(* Let $(A,m,i)$ be a monoid in $\mathcal V$, let $(M,\mu,\nu)$ be an $A$-bimodule, and let $d\colon A\to M$ be a morphism in $\mathcal V$ satisfying the Leibniz rule $d\circ m = d\cdot 1_A + 1_A\cdot d$ (as morphisms $A\otimes A\to M$). Then the following are equivalent: (i) $1_A\cdot d=\mu\circ(1_A\otimes d)\colon A\otimes A\to M$ is an epimorphism in $\mathcal V$; (ii) $d\cdot 1_A=\nu\circ(d\otimes 1_A)\colon A\otimes A\to M$ is an epimorphism in $\mathcal V$; (iii) $1_A\cdot d\cdot 1_A\colon A\otimes A\otimes A\to M$ is an epimorphism in $\mathcal V$.
   Context: $\mathcal V$ is a monoidal additive category: a monoidal category which is $\mathbf{Ab}$-enriched with finite biproducts, whose tensor product is additive in each variable, and which has finite limits and colimits. A monoid $(A,m,i)$ in $\mathcal V$ has multiplication $m\colon A\otimes A\to A$ and unit $i\colon I\to A$. An $A$-bimodule $(M,\mu,\nu)$ has left action $\mu\colon A\otimes M\to M$ and right action $\nu\colon M\otimes A\to M$, each satisfying associativity and unit axioms, and compatible with each other. Notation: for morphisms $f\colon X\to M$ and $g\colon Y\to A$, $g\cdot f:=\mu\circ(g\otimes f)\colon Y\otimes X\to M$ and $f\cdot g:=\nu\circ(f\otimes g)$; $1_A\cdot d\cdot 1_A$ denotes the morphism $A\otimes A\otimes A\to M$ obtained by applying $d$ to the middle factor and then both actions (associators suppressed). *)

From HB Require Import structures.
From mathcomp Require Import all_boot ssralg.
Set Implicit Arguments. Unset Strict Implicit. Unset Printing Implicit Defensive.
Import GRing.Theory.
Local Open Scope ring_scope.

(* A monoidal additive category: Ab-enriched (hom-sets are abelian groups,
   composition bilinear), with a zero object and binary biproducts (hence all
   finite biproducts), kernels and cokernels (hence, with biproducts, all finite
   limits and colimits), and a monoidal structure whose tensor product is
   additive in each variable. *)
Record MonAddCat := {
  Ob :> Type;
  Mor : Ob -> Ob -> zmodType;
  idm : forall X, Mor X X;
  cmp : forall X Y Z, Mor Y Z -> Mor X Y -> Mor X Z; (* cmp g f = g o f *)
  comp_assoc : forall X Y Z W (f : Mor X Y) (g : Mor Y Z) (h : Mor Z W),
      cmp h (cmp g f) = cmp (cmp h g) f;
  comp_id_l : forall X Y (f : Mor X Y), cmp (idm Y) f = f;
  comp_id_r : forall X Y (f : Mor X Y), cmp f (idm X) = f;
  comp_addl : forall X Y Z (g g' : Mor Y Z) (f : Mor X Y),
      cmp (g + g') f = cmp g f + cmp g' f;
  comp_addr : forall X Y Z (g : Mor Y Z) (f f' : Mor X Y),
      cmp g (f + f') = cmp g f + cmp g f';
  zobj : Ob;
  zobj_zero : idm zobj = 0;
  bip : Ob -> Ob -> Ob;
  bip_i1 : forall X Y, Mor X (bip X Y);
  bip_i2 : forall X Y, Mor Y (bip X Y);
  bip_p1 : forall X Y, Mor (bip X Y) X;
  bip_p2 : forall X Y, Mor (bip X Y) Y;
  bip_p1i1 : forall X Y, cmp (bip_p1 X Y) (bip_i1 X Y) = idm X;
  bip_p2i2 : forall X Y, cmp (bip_p2 X Y) (bip_i2 X Y) = idm Y;
  bip_p1i2 : forall X Y, cmp (bip_p1 X Y) (bip_i2 X Y) = 0;
  bip_p2i1 : forall X Y, cmp (bip_p2 X Y) (bip_i1 X Y) = 0;
  bip_sum : forall X Y, cmp (bip_i1 X Y) (bip_p1 X Y)
                        + cmp (bip_i2 X Y) (bip_p2 X Y) = idm (bip X Y);
  has_kernels : forall X Y (f : Mor X Y), exists K (k : Mor K X),
      cmp f k = 0 /\
      forall W (g : Mor W X), cmp f g = 0 ->
        exists h : Mor W K, cmp k h = g /\
          forall h' : Mor W K, cmp k h' = g -> h' = h;
  has_cokernels : forall X Y (f : Mor X Y), exists Q (q : Mor Y Q),
      cmp q f = 0 /\
      forall W (g : Mor Y W), cmp g f = 0 ->
        exists h : Mor Q W, cmp h q = g /\
          forall h' : Mor Q W, cmp h' q = g -> h' = h;
  tens : Ob -> Ob -> Ob;
  tensM : forall X X' Y Y', Mor X X' -> Mor Y Y' -> Mor (tens X Y) (tens X' Y');
  tens_id : forall X Y, tensM (idm X) (idm Y) = idm (tens X Y);
  tens_comp : forall X X' X'' Y Y' Y'' (f : Mor X X') (f' : Mor X' X'')
      (g : Mor Y Y') (g' : Mor Y' Y''),
      tensM (cmp f' f) (cmp g' g) = cmp (tensM f' g') (tensM f g);
  tens_addl : forall X X' Y Y' (f f' : Mor X X') (g : Mor Y Y'),
      tensM (f + f') g = tensM f g + tensM f' g;
  tens_addr : forall X X' Y Y' (f : Mor X X') (g g' : Mor Y Y'),
      tensM f (g + g') = tensM f g + tensM f g';
  unitI : Ob;
  assoc : forall X Y Z, Mor (tens (tens X Y) Z) (tens X (tens Y Z));
  assoc_inv : forall X Y Z, Mor (tens X (tens Y Z)) (tens (tens X Y) Z);
  assoc_iso1 : forall X Y Z, cmp (assoc_inv X Y Z) (assoc X Y Z) = idm _;
  assoc_iso2 : forall X Y Z, cmp (assoc X Y Z) (assoc_inv X Y Z) = idm _;
  assoc_nat : forall X X' Y Y' Z Z' (f : Mor X X') (g : Mor Y Y') (h : Mor Z Z'),
      cmp (assoc X' Y' Z') (tensM (tensM f g) h)
      = cmp (tensM f (tensM g h)) (assoc X Y Z);
  lunit : forall X, Mor (tens unitI X) X;
  lunit_inv : forall X, Mor X (tens unitI X);
  lunit_iso1 : forall X, cmp (lunit_inv X) (lunit X) = idm _;
  lunit_iso2 : forall X, cmp (lunit X) (lunit_inv X) = idm _;
  lunit_nat : forall X X' (f : Mor X X'),
      cmp (lunit X') (tensM (idm unitI) f) = cmp f (lunit X);
  runit : forall X, Mor (tens X unitI) X;
  runit_inv : forall X, Mor X (tens X unitI);
  runit_iso1 : forall X, cmp (runit_inv X) (runit X) = idm _;
  runit_iso2 : forall X, cmp (runit X) (runit_inv X) = idm _;
  runit_nat : forall X X' (f : Mor X X'),
      cmp (runit X') (tensM f (idm unitI)) = cmp f (runit X);
  pentagon : forall X Y Z W,
      cmp (assoc X Y (tens Z W)) (assoc (tens X Y) Z W)
      = cmp (tensM (idm X) (assoc Y Z W))
          (cmp (assoc X (tens Y Z) W) (tensM (assoc X Y Z) (idm W)));
  triangle : forall X Y,
      cmp (tensM (idm X) (lunit Y)) (assoc X unitI Y) = tensM (runit X) (idm Y)
}.

Arguments idm {_} _.
Arguments cmp {_ _ _ _}.
Arguments tensM {_ _ _ _ _}.
Arguments assoc {_} _ _ _.
Arguments lunit {_} _.
Arguments runit {_} _.
Arguments unitI {_}.
Arguments tens {_}.

Section Defs.
Variable C : MonAddCat.

Definition is_epi (X Y : C) (f : Mor X Y) : Prop :=
  forall (Z : C) (g h : Mor Y Z), cmp g f = cmp h f -> g = h.

Definition is_monoid (A : C) (m : Mor (tens A A) A) (i : Mor unitI A) : Prop :=
  [/\ cmp m (tensM m (idm A)) = cmp m (cmp (tensM (idm A) m) (assoc A A A)),
      cmp m (tensM i (idm A)) = lunit A
    & cmp m (tensM (idm A) i) = runit A].

Definition is_bimodule (A : C) (m : Mor (tens A A) A) (i : Mor unitI A)
    (M : C) (mu : Mor (tens A M) M) (nu : Mor (tens M A) M) : Prop :=
  [/\ cmp mu (tensM m (idm M)) = cmp mu (cmp (tensM (idm A) mu) (assoc A A M)),
      cmp mu (tensM i (idm M)) = lunit M,
      cmp nu (tensM nu (idm A)) = cmp nu (cmp (tensM (idm M) m) (assoc M A A)),
      cmp nu (tensM (idm M) i) = runit M
    & cmp nu (tensM mu (idm A)) = cmp mu (cmp (tensM (idm A) nu) (assoc A M A))].

End Defs.

(* Write [1d] = mu (1 ⊗ d), [d1] = nu (d ⊗ 1) and [1d1] = nu ([1d] ⊗ 1).
   Inserting the unit i on the right of [1d1] gives back [1d], and on the left
   gives [d1]; so [1d1] is epi as soon as [1d] or [d1] is.  Conversely the
   Leibniz rule, applied to d (m ⊗ 1) and d (1 ⊗ m) and combined with the
   associativity of the actions, writes [1d1] as a difference
   [1d] (1 ⊗ m) α - [1d] (m ⊗ 1), and likewise as [d1] (m ⊗ 1) - [d1] (1 ⊗ m) α;
   hence any pair of maps equalized by [1d] (or by [d1]) is equalized by [1d1]. *)
From mathcomp Require Import all_boot ssralg.
Local Open Scope ring_scope.
Import GRing.Theory.
Set Implicit Arguments.

Section Generalities.
Variable C : MonAddCat.

Lemma tensM_comp_idl (X X' Y Y' : C) (f : Mor X X') (g : Mor Y Y') :
  cmp (tensM f (idm Y')) (tensM (idm X) g) = tensM f g.
Proof. by rewrite -tens_comp comp_id_l comp_id_r. Qed.

Lemma tensM_comp_idr (X X' Y Y' : C) (f : Mor X X') (g : Mor Y Y') :
  cmp (tensM (idm X') g) (tensM f (idm Y)) = tensM f g.
Proof. by rewrite -tens_comp comp_id_l comp_id_r. Qed.

Lemma tensM_id_comp (X Y Y' Y'' : C) (g : Mor Y Y') (g' : Mor Y' Y'') :
  cmp (tensM (idm X) g') (tensM (idm X) g) = tensM (idm X) (cmp g' g).
Proof. by rewrite -tens_comp comp_id_l. Qed.

Lemma tensM_comp_id (X X' X'' Y : C) (f : Mor X X') (f' : Mor X' X'') :
  cmp (tensM f' (idm Y)) (tensM f (idm Y)) = tensM (cmp f' f) (idm Y).
Proof. by rewrite -tens_comp comp_id_l. Qed.

Lemma epi_of_epi_comp (X Y Z : C) (f : Mor Y Z) (s : Mor X Y) :
  is_epi (cmp f s) -> is_epi f.
Proof. by move=> fs_epi W g h gf_hf; apply: fs_epi; rewrite !comp_assoc gf_hf. Qed.

Lemma epi_of_epi_diff (X Y Z : C) (f : Mor X Z) (g : Mor Y Z) (a b : Mor X Y) :
  f + cmp g a = cmp g b -> is_epi f -> is_epi g.
Proof.
move=> fE f_epi W h k hg_kg; apply: f_epi.
have /(congr1 (cmp h)) := fE; have /(congr1 (cmp k)) := fE.
rewrite !comp_addr !comp_assoc hg_kg => <-; exact: addIr.
Qed.

Lemma epi_iff_of_factor_diff (X Y Z : C) (f : Mor X Z) (g : Mor Y Z)
    (s : Mor Y X) (a b : Mor X Y) :
  cmp f s = g -> f + cmp g a = cmp g b -> is_epi g <-> is_epi f.
Proof.
move=> fsE fE; split; last exact: epi_of_epi_diff fE.
by rewrite -fsE; apply: epi_of_epi_comp.
Qed.

End Generalities.

Section Derivation.
Variables (C : MonAddCat) (A : C) (m : Mor (tens A A) A) (i : Mor unitI A).
Variables (M : C) (mu : Mor (tens A M) M) (nu : Mor (tens M A) M) (d : Mor A M).
Hypothesis hM : is_bimodule m i mu nu.
Hypothesis leibniz :
  cmp d m = cmp nu (tensM d (idm A)) + cmp mu (tensM (idm A) d).

Local Notation one_d := (cmp mu (tensM (idm A) d)).
Local Notation d_one := (cmp nu (tensM d (idm A))).
Local Notation one_d_one := (cmp nu (tensM one_d (idm A))).

Lemma one_d_oneE : one_d_one = cmp mu (cmp (tensM (idm A) d_one) (assoc A A A)).
Proof.
case: hM => _ _ _ _ mu_nu_comm.
rewrite -tensM_comp_id comp_assoc mu_nu_comm.
by rewrite -!comp_assoc assoc_nat -tensM_id_comp -!comp_assoc.
Qed.

Lemma one_d_one_unit_r :
  cmp one_d_one (cmp (tensM (idm (tens A A)) i) (runit_inv (tens A A))) = one_d.
Proof.
case: hM => _ _ _ nu_unit _.
rewrite -!comp_assoc (comp_assoc (runit_inv _)) tensM_comp_idl -tensM_comp_idr.
rewrite -comp_assoc comp_assoc nu_unit comp_assoc runit_nat -comp_assoc.
by rewrite runit_iso2 comp_id_r.
Qed.

Lemma one_d_one_unit_l :
  cmp one_d_one (cmp (assoc_inv A A A)
    (cmp (tensM i (idm (tens A A))) (lunit_inv (tens A A)))) = d_one.
Proof.
case: hM => _ mu_unit _ _ _.
rewrite one_d_oneE -!comp_assoc (comp_assoc _ (assoc_inv _ _ _)) assoc_iso2.
rewrite comp_id_l (comp_assoc (lunit_inv _)) tensM_comp_idr -tensM_comp_idl.
rewrite -comp_assoc comp_assoc mu_unit comp_assoc lunit_nat -comp_assoc.
by rewrite lunit_iso2 comp_id_r.
Qed.

Lemma one_d_one_diff_one_d :
  one_d_one + cmp one_d (tensM m (idm A))
  = cmp one_d (cmp (tensM (idm A) m) (assoc A A A)).
Proof.
case: hM => mu_assoc _ _ _ _.
have -> : cmp one_d (tensM m (idm A)) = cmp mu (tensM m d).
  by rewrite -comp_assoc tensM_comp_idr.
have leibniz_r : cmp one_d (cmp (tensM (idm A) m) (assoc A A A))
    = one_d_one + cmp mu (cmp (tensM (idm A) one_d) (assoc A A A)).
  rewrite -!comp_assoc (comp_assoc (assoc _ _ _)) tensM_id_comp leibniz.
  by rewrite tens_addr comp_addl comp_addr one_d_oneE.
rewrite leibniz_r -tensM_id_comp -comp_assoc -assoc_nat.
by rewrite !(comp_assoc (tensM (tensM _ _) d)) -mu_assoc tens_id -comp_assoc tensM_comp_idl.
Qed.

Lemma one_d_one_diff_d_one :
  one_d_one + cmp d_one (cmp (tensM (idm A) m) (assoc A A A))
  = cmp d_one (tensM m (idm A)).
Proof.
case: hM => _ _ nu_assoc _ _.
have dd_one : cmp nu (tensM d_one (idm A)) = cmp nu (cmp (tensM d m) (assoc A A A)).
  rewrite -tensM_comp_id comp_assoc nu_assoc -!comp_assoc assoc_nat tens_id.
  by rewrite (comp_assoc (assoc _ _ _)) tensM_comp_idr.
have -> : cmp d_one (cmp (tensM (idm A) m) (assoc A A A))
    = cmp nu (cmp (tensM d m) (assoc A A A)).
  by rewrite -!comp_assoc (comp_assoc (assoc _ _ _)) tensM_comp_idl.
rewrite -comp_assoc tensM_comp_id leibniz tens_addl comp_addr dd_one.
exact: addrC.
Qed.

Lemma epi_one_d_iff : is_epi one_d <-> is_epi one_d_one.
Proof. exact: epi_iff_of_factor_diff one_d_one_unit_r one_d_one_diff_one_d. Qed.

Lemma epi_d_one_iff : is_epi d_one <-> is_epi one_d_one.
Proof. exact: epi_iff_of_factor_diff one_d_one_unit_l one_d_one_diff_d_one. Qed.

End Derivation.

Theorem proposition3p5 (C : MonAddCat) (A : C) (m : Mor (tens A A) A)
    (i : Mor unitI A) (M : C) (mu : Mor (tens A M) M) (nu : Mor (tens M A) M)
    (d : Mor A M)
    (hA : is_monoid m i) (hM : is_bimodule m i mu nu)
    (leibniz : cmp d m = cmp nu (tensM d (idm A)) + cmp mu (tensM (idm A) d)) :
  [/\ (is_epi (cmp mu (tensM (idm A) d)) <-> is_epi (cmp nu (tensM d (idm A)))),
      (is_epi (cmp nu (tensM d (idm A)))
        <-> is_epi (cmp nu (tensM (cmp mu (tensM (idm A) d)) (idm A))))
    & (is_epi (cmp nu (tensM (cmp mu (tensM (idm A) d)) (idm A)))
        <-> is_epi (cmp mu (tensM (idm A) d)))].
Proof.
have one_d_iff := epi_one_d_iff d hM leibniz.
have d_one_iff := epi_d_one_iff d hM leibniz.
split.
- exact: iff_trans one_d_iff (iff_sym d_one_iff).
- exact: d_one_iff.
- exact: iff_sym one_d_iff.
Qed.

::::::::::

• **ASSIGNMENT**
Once the line with "(leibniz : cmp" is found, transcribe it and each line after it through the final line of the entries, exactly and only.

• **WRITTEN ANSWER**
    (leibniz : cmp d m = cmp nu (tensM d (idm A)) + cmp mu (tensM (idm A) d)) :
  [/\ (is_epi (cmp mu (tensM (idm A) d)) <-> is_epi (cmp nu (tensM d (idm A)))),
      (is_epi (cmp nu (tensM d (idm A)))
        <-> is_epi (cmp nu (tensM (cmp mu (tensM (idm A) d)) (idm A))))
    & (is_epi (cmp nu (tensM (cmp mu (tensM (idm A) d)) (idm A)))
        <-> is_epi (cmp mu (tensM (idm A) d)))].
Proof.
have one_d_iff := epi_one_d_iff d hM leibniz.
have d_one_iff := epi_d_one_iff d hM leibniz.
split.
- exact: iff_trans one_d_iff (iff_sym d_one_iff).
- exact: d_one_iff.
- exact: iff_sym one_d_iff.
Qed.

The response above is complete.